Она сказала так от чистого сердца, понимая, что и сама лишнего куска не проглотит, если у нее на совести будет кончина противника. Но Аурелиано Второй воспринял ее слова как вызов и принялся за индюшку, несмотря на явное переполнение своего гигантского брюха. Но тут же потерял сознание. Так и плюхнулся грудью на блюдо с мясом, пуская пену, как бешеный пес, и хрипя, как в агонии. Он ощутил, словно в тумане, что летит вниз с огромной высоты в бездонную пропасть, и при последней вспышке сознания понял, что концом этого бесконечного падения будет смерть.
– Отнесите меня к Фернанде, – только и смог он сказать.

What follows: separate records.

(* Let $G$ be a (finite, simple) graph with at least one edge. Then $\mathrm{tw}(G) \le \mathrm{cocirc}(G)$, i.e. the treewidth of $G$ is at most its cocircumference.
   Context: A bond of a graph $G$ is an inclusion-wise minimal set of edges $F$ such that $G-F$ has more connected components than $G$. The cocircumference $\mathrm{cocirc}(G)$ of a graph with at least one edge is the maximum size of a bond of $G$. A tree-decomposition of $G$ is a family $\{X_u : u\in V(T)\}$ of subsets of $V(G)$ indexed by the nodes of a tree $T$ such that for every $x\in V(G)$ the nodes $u$ with $x\in X_u$ induce a non-empty subtree of $T$, and every edge $xy$ of $G$ satisfies $\{x,y\}\subseteq X_u$ for some $u$; its width is $\max_u |X_u|-1$, and the treewidth $\mathrm{tw}(G)$ is the minimum width of a tree-decomposition of $G$. *)

From mathcomp Require Import all_boot.
Set Implicit Arguments. Unset Strict Implicit. Unset Printing Implicit Defensive.

Definition simple_graph (T : finType) (e : rel T) : Prop :=
  symmetric e /\ irreflexive e.

Definition edges (T : finType) (e : rel T) : {set {set T}} :=
  [set [set p.1; p.2] | p in [set p : T * T | e p.1 p.2]].

Definition del_edges (T : finType) (e : rel T) (F : {set {set T}}) : rel T :=
  [rel x y | e x y && ([set x; y] \notin F)].
(* Let $X,Y,P$ be Banach spaces, $F:X\times P\rightrightarrows Y$ and $G:X\rightrightarrows Y$ set-valued maps and $(\overline{x},\overline{p},\overline{y})\in X\times P\times Y$ with $\overline{y}\in F(\overline{x},\overline{p})$ and $-\overline{y}\in G(\overline{x})$. Let $S:P\rightrightarrows X$, $S(p)=\{x\in X: 0\in F(x,p)+G(x)\}$. Suppose: (i) $(F,G)$ is locally sum-stable around $(\overline{x},\overline{p},\overline{y},-\overline{y})$; (ii) for every $p$ in a neighborhood of $\overline{p}$, $\operatorname{Gr}F(\cdot,p)$ is closed; (iii) $\operatorname{Gr}G$ is closed; (iv) $F$ is Lipschitz-like around $((\overline{x},\overline{p}),\overline{y})$; (v) $G$ is metrically regular around $(\overline{x},-\overline{y})$; (vi) $G$ is inner semicontinuous at $(\overline{x},-\overline{y})$; (vii) $\widehat{\operatorname{lip}}_xF((\overline{x},\overline{p}),\overline{y})\cdot\operatorname{reg}G(\overline{x},-\overline{y})<1$. Then $S$ is Lipschitz-like around $(\overline{p},\overline{x})$ and \[ \operatorname{lip}S(\overline{p},\overline{x})\le\frac{\operatorname{reg}G(\overline{x},-\overline{y})\cdot\widehat{\operatorname{lip}}_pF((\overline{x},\overline{p}),\overline{y})}{1-\widehat{\operatorname{lip}}_xF((\overline{x},\overline{p}),\overline{y})\cdot\operatorname{reg}G(\overline{x},-\overline{y})}. \]
   Context: $B$ open balls, $\mathbb{D}_Y$ closed unit ball, $d(x,A)=\inf_{a\in A}\|x-a\|$, $d(x,\emptyset)=\infty$; $X\times P$ carries the sum norm. Write $F_p=F(\cdot,p)$. $(F,G)$ is locally sum-stable around $(\overline{x},\overline{p},\overline{y},\overline{z})$ (where $\overline{y}\in F(\overline{x},\overline{p})$, $\overline{z}\in G(\overline{x})$) if for every $\varepsilon>0$ there is $\delta>0$ such that for every $(x,p)\in B(\overline{x},\delta)\times B(\overline{p},\delta)$ and every $w\in(F_p+G)(x)\cap B(\overline{y}+\overline{z},\delta)$ there exist $y\in F_p(x)\cap B(\overline{y},\varepsilon)$ and $z\in G(x)\cap B(\overline{z},\varepsilon)$ with $w=y+z$. A multifunction $T:A\rightrightarrows B$ is Lipschitz-like around $(\overline{a},\overline{b})\in\operatorname{Gr}T$ with constant $L>0$ if there are neighborhoods $U$ of $\overline{a}$, $V$ of $\overline{b}$ with $T(a)\cap V\subset T(u)+L\|a-u\|\mathbb{D}_B$ for all $a,u\in U$ ($\operatorname{lip}T(\overline{a},\overline{b})$ the infimum of such $L$); $T$ is metrically regular around $(\overline{a},\overline{b})$ with constant $L$ if there are neighborhoods $U,V$ with $d(a,T^{-1}(b))\le L\,d(b,T(a))$ for all $(a,b)\in U\times V$ ($\operatorname{reg}T(\overline{a},\overline{b})$ the infimum of such $L$); $T$ is inner semicontinuous at $(\overline{a},\overline{b})$ if for every open $D\ni\overline{b}$ there is a neighborhood $U$ of $\overline{a}$ with $T(a)\cap D\ne\emptyset$ for all $a\in U$. $\widehat{\operatorname{lip}}_xF((\overline{x},\overline{p}),\overline{y})$ is the infimum of $L>0$ for which there are neighborhoods $U$ of $\overline{x}$, $V$ of $\overline{p}$, $W$ of $\overline{y}$ with $F(x,p)\cap W\subset F(u,p)+L\|x-u\|\mathbb{D}_Y$ for all $x,u\in U$, $p\in V$; $\widehat{\operatorname{lip}}_pF((\overline{x},\overline{p}),\overline{y})$ is the infimum of $L>0$ for which there are such neighborhoods with $F(x,p)\cap W\subset F(x,q)+L\|p-q\|\mathbb{D}_Y$ for all $x\in U$, $p,q\in V$. *)

From HB Require Import structures.
From mathcomp Require Import all_boot all_order all_algebra.
From mathcomp Require Import all_classical all_reals all_analysis.
Set Implicit Arguments. Unset Strict Implicit. Unset Printing Implicit Defensive.
Import Order.TTheory GRing.Theory Num.Theory.
Import numFieldNormedType.Exports.
Local Open Scope classical_set_scope.
Local Open Scope ring_scope.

Друзья, притащившие его домой, подумали, что он пожелал исполнить данное супруге обещание не умирать в постели любовницы. Петра Котес начистила до блеска лаковые ботинки, в которых он хотел лечь в гроб, и уже искала, с кем бы их отправить, когда ей передали, что Аурелиано Второй пришел в себя. И в самом деле, меньше чем через неделю он был совершенно здоров, а еще через две недели закатил пир на весь мир в честь своего возврата к жизни. Он продолжал жить у Петры Котес, но ежедневно навещал Фернанду, а порой оставался дома обедать, и в его личной жизни все встало с ног на голову: он превратился в мужа своей любовницы и возлюбленного своей жены.
У Фернанды поубавилось забот. Скуку одиноких часов она скрашивала игрой на клавикордах в сиесту и чтением писем от детей. В ее подробных посланиях, которые она отправляла им каждые две недели, не было ни строчки правды. Все ее горести скрывались от Меме и от Хосе Аркадио. Им не надо было знать о тоскливом унынии, охватившем дом, который, несмотря на свет, озарявший бегонии, несмотря на жару в два часа пополудни, несмотря на частые всполохи уличных праздников за окнами, становился все более похожим на мрачное колониальное жилище ее родителей. Фернанда бродила в одиночестве среди трех живых призраков и одного настоящего привидения – Хосе Аркадио Буэндии, который иногда устраивался в темном углу зала и с напряженным вниманием слушал ее упражнения на клавикордах. Полковник Аурелиано Буэндия превратился в тень с того времени, как он в последний раз вышел из дому, чтобы помочиться под каштаном. Из посетителей он принимал одного брадобрея, раз в три недели. Ел только то, что приносила ему Урсула на обед, и хотя продолжал мастерить золотых рыбок с прежним рвением, запретил продавать их, узнав, что люди покупают изделия не для украшения, а в качестве исторических реликвий. Он разжег в патио костер из кукол Ремедиос, оживлявших его спальню со дня свадьбы. Урсула тотчас поняла, что затеял сын, но остановить его не смогла.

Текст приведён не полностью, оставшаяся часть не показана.